Boot param injection

Universal ADD params are always injected via _build_universal_add(). For the full parameter reference, fromiso= conflict rationale, and per-distro requirements, see iso_boot.md.


Stage 3: kexec-select-boot

Called from the boot menu. Responsible for final verification and OS handoff.

TPM2 primary key hash check

For TPM2 systems, verifies the SHA-256 hash of the TPM2 primary key handle against /boot/kexec_primhdl_hash.txt (if the file exists). A mismatch means the TPM2 primary key was regenerated without updating the stored hash.

Boot hash verification (verify_global_hashes)

verify_checksums checks the SHA-256 of every /boot file against kexec_hashes.txt, then verifies kexec.sig with gpgv. On mismatch, an interactive whiptail menu offers options: investigate discrepancies, update checksums, or return to the main menu.

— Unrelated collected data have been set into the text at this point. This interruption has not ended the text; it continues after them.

(* Let $m,a,b,t\in\mathbb{N}$ with $m\geq 3$, $a\geq 1$, $t\in\{2,\ldots,m-1\}$ and $(t-1)(am+1)<bm+t<t(am+1)$, let $S=\langle m,\ am+1,\ bm+t\rangle$ (a MANS-semigroup with embedding dimension $3$), $q=\left\lfloor\frac{m-1}{t}\right\rfloor$ and $r=(m-1)\bmod t$. Then \[ \{q(bm+t)+r(am+1)\}\subseteq \mathrm{Maximals}_{\leq_S}(\mathrm{Ap}(S,m))\subseteq\{(q-1)(bm+t)+(t-1)(am+1),\ q(bm+t)+r(am+1)\} \] and, consequently, \[ \{q(bm+t)+r(am+1)-m\}\subseteq\mathrm{PF}(S)\subseteq\{(q-1)(bm+t)+(t-1)(am+1)-m,\ q(bm+t)+r(am+1)-m\}. \]
   Context: $\mathbb{N}=\{0,1,2,\ldots\}$. $\langle A\rangle$ is the submonoid of $(\mathbb{N},+)$ generated by $A$; a numerical semigroup is a submonoid of $\mathbb{N}$ with finite complement. For $n\in S\setminus\{0\}$, $\mathrm{Ap}(S,n)=\{s\in S:s-n\notin S\}$. On $\mathbb{Z}$, $x\leq_S y$ means $y-x\in S$ (a partial order); $\mathrm{Maximals}_{\leq_S}(X)$ is the set of maximal elements of $X$ for $\leq_S$. A pseudo-Frobenius number of $S$ is an $x\in\mathbb{Z}\setminus S$ with $x+s\in S$ for all $s\in S\setminus\{0\}$; $\mathrm{PF}(S)$ is the set of them. A MANS-semigroup is a numerical semigroup with $w(1)<\cdots<w(\mathrm{m}(S)-1)$, where $\mathrm{m}(S)$ is the least element of $S\setminus\{0\}$ and $w(i)$ the least element of $S$ congruent to $i$ modulo $\mathrm{m}(S)$. $a\bmod b$ is the remainder of the division of $a$ by $b$. *)

From mathcomp Require Import all_boot all_order all_algebra.
Set Implicit Arguments. Unset Strict Implicit. Unset Printing Implicit Defensive.
Import Order.TTheory GRing.Theory Num.Theory.
Local Open Scope ring_scope.

Inductive gen (A : nat -> Prop) : nat -> Prop :=
| gen0 : gen A 0
| genS : forall a x, A a -> gen A x -> gen A (a + x)%N.

Definition set3 (g1 g2 g3 : nat) : nat -> Prop :=
  fun x => x = g1 \/ x = g2 \/ x = g3.

Definition memZ (S : nat -> Prop) (x : int) : Prop :=
  exists n : nat, x = n%:Z /\ S n.

Definition Apery (S : nat -> Prop) (n : nat) (x : int) : Prop :=
  memZ S x /\ ~ memZ S (x - n%:Z).

Definition leS (S : nat -> Prop) (x y : int) : Prop := memZ S (y - x).

Definition Maximals (S : nat -> Prop) (X : int -> Prop) (x : int) : Prop :=
  X x /\ forall y, X y -> leS S x y -> y = x.

Definition PF (S : nat -> Prop) (x : int) : Prop :=
  ~ memZ S x /\ forall s : int, memZ S s -> s != 0 -> memZ S (x + s).

(* Write A = am+1 and B = bm+t, so that iA + jB = (ia+jb)m + (i+jt).  The
   hypotheses amount to (t-1)a <= b < ta, which make the coefficient ia+jb
   monotone in the residue i+jt along the representations with i < t.  Hence
   Ap(S,m) consists exactly of the iA + jB with i < t and i+jt < m, one for
   each residue modulo m, and the numerically largest one is x1 = qB + rA.
   An Apery element with j = q lies below x1 for <=_S, and one with j < q lies
   below x2 = (q-1)B + (t-1)A, so x1 and x2 are the only candidate maximals.
   The claim on PF(S) is then PF(S) = Maximals(Ap(S,m)) - m, which holds in
   any submonoid of N. *)

From mathcomp Require Import all_boot all_order all_algebra zify.
From Stdlib Require Import Classical_Prop.
Set Implicit Arguments. Unset Strict Implicit. Unset Printing Implicit Defensive.
Import Order.TTheory GRing.Theory Num.Theory.

Section Submonoid.
Variable A : nat -> Prop.
Local Notation S := (gen A).

Lemma gen_addn x y : S x -> S y -> S (x + y).
Proof. by elim=> [//|g x' Ag _ IH] Sy; rewrite -addnA; apply: genS (IH Sy). Qed.

Lemma gen_mulnDl g k y : A g -> S y -> S (k * g + y).
Proof. by move=> Ag Sy; elim: k => [|k IH]; rewrite ?mulSn -?addnA; [| apply: genS]. Qed.

Lemma memZD x y : memZ S x -> memZ S y -> memZ S (x + y)%R.
Proof.
by move=> [i [-> Si]] [j [-> Sj]]; exists (i + j); split; [rewrite PoszD | exact: gen_addn].
Qed.

Local Open Scope ring_scope.

Lemma Maximals_Apery_PF n x : Maximals S (Apery S n) x -> PF S (x - n%:Z).
Proof.
move=> [[Sx nSx] xmax]; split=> // s Ss s0.
apply: NNPP => nSxs.
suff : x + s = x by move/eqP: s0; lia.
apply: xmax; last by rewrite /leS addrC addKr.
by split; [exact: memZD | rewrite addrAC].
Qed.

Lemma PF_Maximals_Apery n x :
  A n -> n != 0%N -> PF S x -> Maximals S (Apery S n) (x + n%:Z).
Proof.
move=> An n0 [nSx PFx].
have Sn : memZ S n%:Z by exists n; split=> //; rewrite -[n]addn0; exact: genS An (gen0 A).
split=> [|y [_ nSy] [k [yk Sk]]]; first by split; [exact: PFx | rewrite addrK].
case: k yk Sk => [|k] yk Sk; first lia.
case: nSy; have -> : y - n%:Z = x + k.+1%:Z by lia.
by apply: PFx; [exists k.+1 | lia].
Qed.

End Submonoid.

Lemma Maximals_of_max (S : nat -> Prop) (X : int -> Prop) x :
  X x -> (forall y, X y -> (y <= x)%R) -> Maximals S X x.
Proof. by move=> Xx xmax; split=> // y Xy [k [yk _]]; have := xmax y Xy; lia. Qed.

Lemma Maximals_dominated (S : nat -> Prop) (X : int -> Prop) x1 x2 :
  X x1 -> X x2 -> (forall y, X y -> leS S y x1 \/ leS S y x2) ->
  forall y, Maximals S X y -> y = x1 \/ y = x2.
Proof.
move=> X1 X2 dom y [Xy ymax].
by case: (dom y Xy) => le; [left | right]; symmetry; exact: ymax.
Qed.

Lemma gen_set3P g1 g2 g3 x :
  gen (set3 g1 g2 g3) x <-> exists n i j, x = n * g1 + (i * g2 + j * g3).
Proof.
split=> [|[n [i [j ->]]]].
- elim=> [|g y [->|[->|->]] _ [n [i [j ->]]]]; first by exists 0, 0, 0.
  + by exists n.+1, i, j; lia.
  + by exists n, i.+1, j; lia.
  + by exists n, i, j.+1; lia.
- rewrite -[j * g3]addn0.
  apply: gen_mulnDl; first by left.
  apply: gen_mulnDl; first by right; left.
  apply: gen_mulnDl; first by right; right.
  exact: gen0.
Qed.

Lemma coef_le_lex t a b d e c f : (t - 1) * a <= b ->
  e < t -> f < t -> d * t + e <= c * t + f -> d * b + e * a <= c * b + f * a.
Proof.
move=> b_ge e_lt f_lt; case: (ltngtP d c) => [d_lt _ | c_lt le_dc | ->].
- have ea_le : e * a <= b by apply: leq_trans b_ge; apply: leq_mul => //; lia.
  have : d.+1 * b <= c * b by exact: leq_mul.
  rewrite mulSn; lia.
- have : c.+1 * t <= d * t by exact: leq_mul.
  nia.
- by rewrite !leq_add2l => e_le; exact: leq_mul e_le (leqnn a).
Qed.

Lemma coef_le_mul t a b i : b <= t * a -> i %/ t * b + i %% t * a <= i * a.
Proof.
move=> b_le; rewrite {3}(divn_eq i t) mulnDl leq_add2r -mulnA.
by rewrite leq_mul2l b_le orbT.
Qed.

Lemma coef_mono t a b d e i j : 0 < t -> (t - 1) * a <= b -> b <= t * a ->
  e < t -> d * t + e <= i + j * t -> d * b + e * a <= i * a + j * b.
Proof.
move=> t_gt0 b_ge b_le e_lt le_de.
apply: leq_trans (_ : (i %/ t + j) * b + i %% t * a <= _).
  apply: (@coef_le_lex t); rewrite ?ltn_pmod //.
  by rewrite mulnDl addnAC -divn_eq.
by have := coef_le_mul i b_le; lia.
Qed.

Lemma coef_bounds m a b t : 0 < m ->
    (t - 1) * (a * m + 1) < b * m + t -> b * m + t < t * (a * m + 1) ->
  (t - 1) * a <= b /\ b < t * a.
Proof.
move=> m_gt0 lo hi; split.
- by rewrite -(leq_pmul2r m_gt0); nia.
- by rewrite -(ltn_pmul2r m_gt0); nia.
Qed.

Section ThreeGenerated.
Variables m a b t : nat.

Local Notation S := (gen (set3 m (a * m + 1) (b * m + t))).
Local Notation w i j := (j * (b * m + t) + i * (a * m + 1)).

Lemma w_split i j : w i j = (i * a + j * b) * m + (i + j * t).
Proof. nia. Qed.

Lemma memS_w n i j : memZ S (n * m + w i j)%:Z.
Proof. by exists (n * m + w i j); split=> //; apply/gen_set3P; exists n, i, j; lia. Qed.

Lemma memS_sub x y n i j : x = y + (n * m + w i j) -> memZ S (x%:Z - y%:Z)%R.
Proof. by move=> ->; rewrite PoszD addrAC subrr add0r; exact: memS_w. Qed.

Hypotheses (t_gt0 : 0 < t) (b_ge : (t - 1) * a <= b) (b_lt : b < t * a).

Lemma w_sub_m_of_residue i j : m <= i + j * t -> memZ S ((w i j)%:Z - m%:Z)%R.
Proof.
move=> le_m; set k := i + j * t - m.
have k_eq : k %/ t * t + k %% t = k by rewrite -divn_eq.
have le_coef : k %/ t * b + k %% t * a <= i * a + j * b.
  by apply: coef_mono (ltn_pmod k t_gt0) _ => //; [exact: ltnW | lia].
apply: (memS_sub (n := i * a + j * b - (k %/ t * b + k %% t * a)) (i := k %% t) (j := k %/ t)).
by rewrite !w_split mulnBl; nia.
Qed.

Lemma w_sub_m_of_excess i j : t <= i -> memZ S ((w i j)%:Z - m%:Z)%R.
Proof.
move=> /subnKC <-; set k := t * a - b.+1.
have k_eq : t * a * m = (b.+1 + k) * m by rewrite subnKC.
by apply: (memS_sub (n := k) (i := i - t) (j := j.+1)); nia.
Qed.

Lemma Apery_w i j : i < t -> i + j * t < m -> Apery S m (w i j)%:Z.
Proof.
move=> lt_it lt_m; split; first exact: (memS_w 0).
move=> [N [eN SN]]; case/gen_set3P: SN eN => n [i' [j' ->]] eN.
have E : (i * a + j * b) * m + (i + j * t) =
    (n.+1 + (i' * a + j' * b)) * m + (i' + j' * t).
  by rewrite -w_split; have := w_split i' j'; lia.
have res : i + j * t = (i' + j' * t) %% m.
  by move/(congr1 (modn^~ m)): E; rewrite !modnMDl modn_small.
have le_coef : j * b + i * a <= i' * a + j' * b.
  by apply: (@coef_mono t) => //; [exact: ltnW | rewrite addnC res leq_mod].
have : (j * b + i * a) * m <= (i' * a + j' * b) * m by exact: leq_mul.
nia.
Qed.

Lemma Apery_coords x : Apery S m x ->
  exists i j, [/\ x = w i j, i < t & i + j * t < m].
Proof.
move=> [[N [-> SN]] nSx]; case/gen_set3P: SN nSx => n [i [j ->]].
rewrite [i * _ + _]addnC; case: n => [|n] nSx; last first.
  by case: nSx; apply: (memS_sub (n := n) (i := i) (j := j)); rewrite mulSn -addnA.
case: (leqP t i) => [le_ti | lt_it]; first by case: nSx; exact: w_sub_m_of_excess.
case: (leqP m (i + j * t)) => [le_m | lt_m]; first by case: nSx; exact: w_sub_m_of_residue.
by exists i, j.
Qed.

Variables q r : nat.
Hypotheses (r_lt : r < t) (m_eq : (q * t + r).+1 = m).

Lemma Apery_top : Apery S m (w r q)%:Z.
Proof. by apply: Apery_w; lia. Qed.

Lemma Apery_le_top y : Apery S m y -> (y <= (w r q)%:Z)%R.
Proof.
case/Apery_coords=> i [j [-> lt_it lt_m]].
have le_coef : j * b + i * a <= r * a + q * b.
  by apply: (@coef_mono t) => //; [exact: ltnW | lia].
have : (j * b + i * a) * m <= (r * a + q * b) * m by exact: leq_mul.
rewrite lez_nat !w_split; nia.
Qed.

Lemma Maximals_Apery_top : Maximals S (Apery S m) (w r q)%:Z.
Proof. exact: Maximals_of_max Apery_top Apery_le_top. Qed.

Hypothesis q_gt0 : 0 < q.

Lemma Apery_subtop : Apery S m (w (t - 1) (q - 1))%:Z.
Proof. by apply: Apery_w; nia. Qed.

Lemma Apery_dominated y : Apery S m y ->
  leS S y (w (t - 1) (q - 1))%:Z \/ leS S y (w r q)%:Z.
Proof.
case/Apery_coords=> i [j [-> lt_it lt_m]].
have [lt_jq | le_qj] := ltnP j q; [left | right].
- apply: (memS_sub (n := 0) (i := t - 1 - i) (j := q - 1 - j)).
  set u := t - 1 - i; set v := q - 1 - j.
  have -> : t - 1 = i + u by rewrite /u; lia.
  have -> : q - 1 = j + v by rewrite /v; lia.
  by rewrite !mulnDl; lia.
- have j_eq : j = q.
    by apply/anti_leq; rewrite le_qj -ltnS -(ltn_pmul2r t_gt0); lia.
  subst j; apply: (memS_sub (n := 0) (i := r - i) (j := 0)); set u := r - i.
  have -> : r = i + u by rewrite /u; lia.
  by rewrite mulnDl; lia.
Qed.

Lemma Maximals_Apery_cases y : Maximals S (Apery S m) y ->
  y = w (t - 1) (q - 1) \/ y = w r q.
Proof. exact: Maximals_dominated Apery_subtop Apery_top Apery_dominated y. Qed.

End ThreeGenerated.

Local Open Scope ring_scope.

Theorem lemma3p20 (m a b t : nat) :
  (3 <= m)%N -> (1 <= a)%N -> (2 <= t)%N -> (t <= m - 1)%N ->
  ((t - 1) * (a * m + 1) < b * m + t)%N ->
  (b * m + t < t * (a * m + 1))%N ->
  let S := gen (set3 m (a * m + 1) (b * m + t)) in
  let q := ((m - 1) %/ t)%N in
  let r := ((m - 1) %% t)%N in
  let x1 : int := (q * (b * m + t) + r * (a * m + 1))%N%:Z in
  let x2 : int := ((q - 1) * (b * m + t) + (t - 1) * (a * m + 1))%N%:Z in
  [/\ (forall x, x = x1 -> Maximals S (Apery S m) x),
      (forall x, Maximals S (Apery S m) x -> x = x2 \/ x = x1),
      (forall x, x = x1 - m%:Z -> PF S x) &
      (forall x, PF S x -> x = x2 - m%:Z \/ x = x1 - m%:Z)].
Proof.
move=> m_ge3 _ t_ge2 t_le lo hi S q r x1 x2.
have t_gt0 : (0 < t)%N by lia.
have [b_ge b_lt] := coef_bounds (ltnW (ltnW m_ge3)) lo hi.
have q_gt0 : (0 < q)%N by rewrite divn_gt0.
have r_lt : (r < t)%N by rewrite ltn_pmod.
have m_eq : (q * t + r).+1 = m by rewrite -divn_eq; lia.
have top := Maximals_Apery_top t_gt0 b_ge b_lt r_lt m_eq.
have maximals := Maximals_Apery_cases t_gt0 b_ge b_lt r_lt m_eq q_gt0.
split=> [x -> // | // | x -> | x PFx]; first exact: Maximals_Apery_PF.
have m_gen : set3 m (a * m + 1) (b * m + t) m by left.
have m_neq0 : m != 0%N by lia.
have := maximals _ (PF_Maximals_Apery m_gen m_neq0 PFx).
by case=> E; [left | right]; rewrite -[x](addrK m%:Z) E.
Qed.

Optionally, root partition hashes are also checked if CONFIG_ROOT_CHECK_AT_BOOT=y.

Rollback counter verification (verify_rollback_counter)

The TPM monotonic counter index is read from /boot/kexec_rollback.txt and the counter is read from the TPM. The SHA-256 of the counter file is then checked against the hash stored in kexec_rollback.txt. Any discrepancy aborts the boot.

OS boot execution (do_boot)

If a TPM-sealed LUKS Disk Unlock Key (DUK) is configured, kexec-insert-key unseals the DUK and injects it into a minimal initramfs prepended to the OS initramfs. The OS kernel then finds the key and unlocks LUKS without prompting the user.

kexec-boot performs the final kexec system call to hand off to the OS kernel. For details on how the kernel command line is assembled from boot entry params, ADD params, and Board ADD, see kexec_handoff.md. Just before kexec, if CONFIG_FINALIZE_PLATFORM_LOCKING=y, lock_chip.sh triggers a chipset-level PR0 lockdown via SMI (io386 writes to port 0xb2), setting FLOCKDN in the SPI controller. Once locked, the protected flash region becomes read-only until the next system reset — the OS cannot modify the firmware. See wp-notes.md.


Recovery shell

The recovery shell is an authenticated environment. Entering it extends TPM PCR 4 with "recovery", permanently invalidating TOTP/HOTP/LUKS unseal for the rest of the boot session. See tpm.md.